** TASK DIRECTIONS **
In the data below, find the line that contains "Definition qbinom (q" and the line that contains "Series (fun k". Copy both, plus every line between them, exactly.
*** STORED DATA Section Begins ***
(* Let $I=[x_1,x_N]$ with partition $x_1<\dots<x_N$ and affine maps $u_i(x)=a_ix+b_i$ with $u_i(x_1)=x_i$, $u_i(x_N)=x_{i+1}$ ($i\in\mathbb{N}_{N-1}$). Let $f,g\in C(I)$ with $f\ge g$ on $I$, and let $\{q_n\}$ be a sequence in $(0,1]$ with $\lim q_n=1$. Set $\phi(f-g,i)=\min_{x\in I}(f-g)(u_i(x))$ and $\Phi_n(f-g)=\max_{x\in I}M_{n,q_n}(f-g)(x)$. Suppose the continuous scaling functions satisfy $\|\alpha\|_\infty<1$ and, for all $n\in\mathbb{N}$, $i\in\mathbb{N}_{N-1}$, $x\in I$, \[ 0\le\alpha_i(x)\le\min\left\{\frac{\phi(f-g,i)}{\Phi_n(f-g)},1\right\}. \] Then the quantum MKZ-fractal functions $f^{(q_n,\alpha)}_n$ and $g^{(q_n,\alpha)}_n$ converge uniformly to $f$ and $g$ respectively, and $f^{(q_n,\alpha)}_n\ge g^{(q_n,\alpha)}_n$ on $I$ for all $n$.
   Context: For $q\in(0,1]$: $[k]_q=\frac{1-q^k}{1-q}$ ($q\ne1$), $[k]_1=k$, $q$-factorials, $\binom{n}{k}_q=\frac{[n]_q!}{[k]_q![n-k]_q!}$. Quantum MKZ operator: $M_{n,q}h(x)=P_{n,q}(x)\sum_{k\ge0}\binom{n+k}{k}_q\left(\frac{x-x_1}{x_N-x_1}\right)^k h\!\left(x_1+(x_N-x_1)\frac{[k]_q}{[k+n]_q}\right)$ for $x_1\le x<x_N$, $M_{n,q}h(x_N)=h(x_N)$, $P_{n,q}(x)=\prod_{j=0}^n(x_N-x_1-q^j(x-x_1))/(x_N-x_1)^{n+1}$. $\|\alpha\|_\infty=\max_i\|\alpha_i\|_\infty$. The quantum MKZ-fractal function $h^{(q,\alpha)}_n$ of $h\in C(I)$ is the unique $G\in C(I)$ with $G(u_i(x))=h(u_i(x))+\alpha_i(x)(G(x)-M_{n,q}h(x))$ for all $x\in I$, $i\in\mathbb{N}_{N-1}$. *)

From Stdlib Require Import Reals Lra.
From Coquelicot Require Import Coquelicot.
Open Scope R_scope.

Definition qint (q : R) (k : nat) : R :=
  if Req_EM_T q 1 then INR k else (1 - q ^ k) / (1 - q).

Fixpoint qfact (q : R) (k : nat) : R :=
  match k with
  | O => 1
  | S k' => qfact q k' * qint q (S k')
  end.

Definition qbinom (q : R) (n k : nat) : R :=
  qfact q n / (qfact q k * qfact q (n - k)).

Fixpoint prod_upto (n : nat) (F : nat -> R) : R :=
  match n with
  | O => F O
  | S n' => prod_upto n' F * F (S n')
  end.

Definition Pq (x1 xN : R) (n : nat) (q : R) (x : R) : R :=
  prod_upto n (fun j => xN - x1 - q ^ j * (x - x1)) / (xN - x1) ^ (n + 1).

Definition MKZ (x1 xN : R) (n : nat) (q : R) (h : R -> R) (x : R) : R :=
  if Rlt_dec x xN then
    Pq x1 xN n q x *
    Series (fun k => qbinom q (n + k) k * ((x - x1) / (xN - x1)) ^ k
                     * h (x1 + (xN - x1) * (qint q k / qint q (k + n))))
  else h xN.

Definition inI (x1 xN x : R) : Prop := x1 <= x <= xN.

Definition cont_on (x1 xN : R) (h : R -> R) : Prop :=
  forall x, inI x1 xN x ->
    filterlim h (within (inI x1 xN) (locally x)) (locally (h x)).

(* min_{x in I} k(x) and max_{x in I} k(x) (as inf / sup, attained for continuous k) *)
Definition minI (x1 xN : R) (k : R -> R) : R :=
  real (Glb_Rbar (fun y => exists x, inI x1 xN x /\ y = k x)).
Definition maxI (x1 xN : R) (k : R -> R) : R :=
  real (Lub_Rbar (fun y => exists x, inI x1 xN x /\ y = k x)).

(* G is the quantum MKZ-fractal function h_n^{(q,alpha)} for the IFS u_i(x) = a_i x + b_i,
   i in N_{N-1} = {1,...,N-1}: the (unique) G in C(I) satisfying the self-referential equation *)
Definition is_qMKZ_fractal (x : nat -> R) (N : nat) (a b : nat -> R)
    (alpha : nat -> R -> R) (n : nat) (q : R) (h G : R -> R) : Prop :=
  cont_on (x 1%nat) (x N) G /\
  forall (i : nat) (t : R), (1 <= i <= N - 1)%nat -> inI (x 1%nat) (x N) t ->
    G (a i * t + b i) = h (a i * t + b i)
       + alpha i t * (G t - MKZ (x 1%nat) (x N) n q h t).

From Stdlib Require Import Reals Lra Lia.
From Coquelicot Require Import Coquelicot.
Open Scope R_scope.

(* Both conclusions come from the self-referential equation
     G (u_i x) - h (u_i x) = alpha_i x * (G x - M_{n,q} h x)
   together with the fact that the u_i cover I: a bounded E on I with
   E (u_i x) <= c E x + w for all i and x is bounded by w / (1 - c).
   For convergence take E = |G - h| and w = c ||M_{n,q_n} h - h||; this w tends to 0
   because M_{n,q} is a positive operator reproducing 1 and x whose second central
   moment is at most 1/[n+1]_q (Korovkin), and [n+1]_{q_n} -> oo when q_n -> 1.
   For the order take E = max 0 (g^ - f^): the bound alpha_i <= phi_i / Phi_n gives
   alpha_i M (f - g) <= (f - g) o u_i, hence w = 0. *)

(** * q-integers and q-binomial coefficients *)

Lemma pow_le_1 q m : 0 <= q <= 1 -> q ^ m <= 1.
Proof. intros hq; rewrite <- (pow1 m); apply pow_incr; lra. Qed.

Lemma qint_0 q : qint q 0 = 0.
Proof. unfold qint; destruct (Req_EM_T q 1); simpl; [reflexivity | field; lra]. Qed.

Lemma qint_S q k : qint q (S k) = 1 + q * qint q k.
Proof.
unfold qint; destruct (Req_EM_T q 1) as [->|ne].
- rewrite S_INR; ring.
- simpl; field; intro; apply ne; lra.
Qed.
*** STORED DATA Section Ends ***
** ANSWER BOX **
Definition qbinom (q : R) (n k : nat) : R :=
  qfact q n / (qfact q k * qfact q (n - k)).

Fixpoint prod_upto (n : nat) (F : nat -> R) : R :=
  match n with
  | O => F O
  | S n' => prod_upto n' F * F (S n')
  end.

Definition Pq (x1 xN : R) (n : nat) (q : R) (x : R) : R :=
  prod_upto n (fun j => xN - x1 - q ^ j * (x - x1)) / (xN - x1) ^ (n + 1).

Definition MKZ (x1 xN : R) (n : nat) (q : R) (h : R -> R) (x : R) : R :=
  if Rlt_dec x xN then
    Pq x1 xN n q x *
    Series (fun k => qbinom q (n + k) k * ((x - x1) / (xN - x1)) ^ k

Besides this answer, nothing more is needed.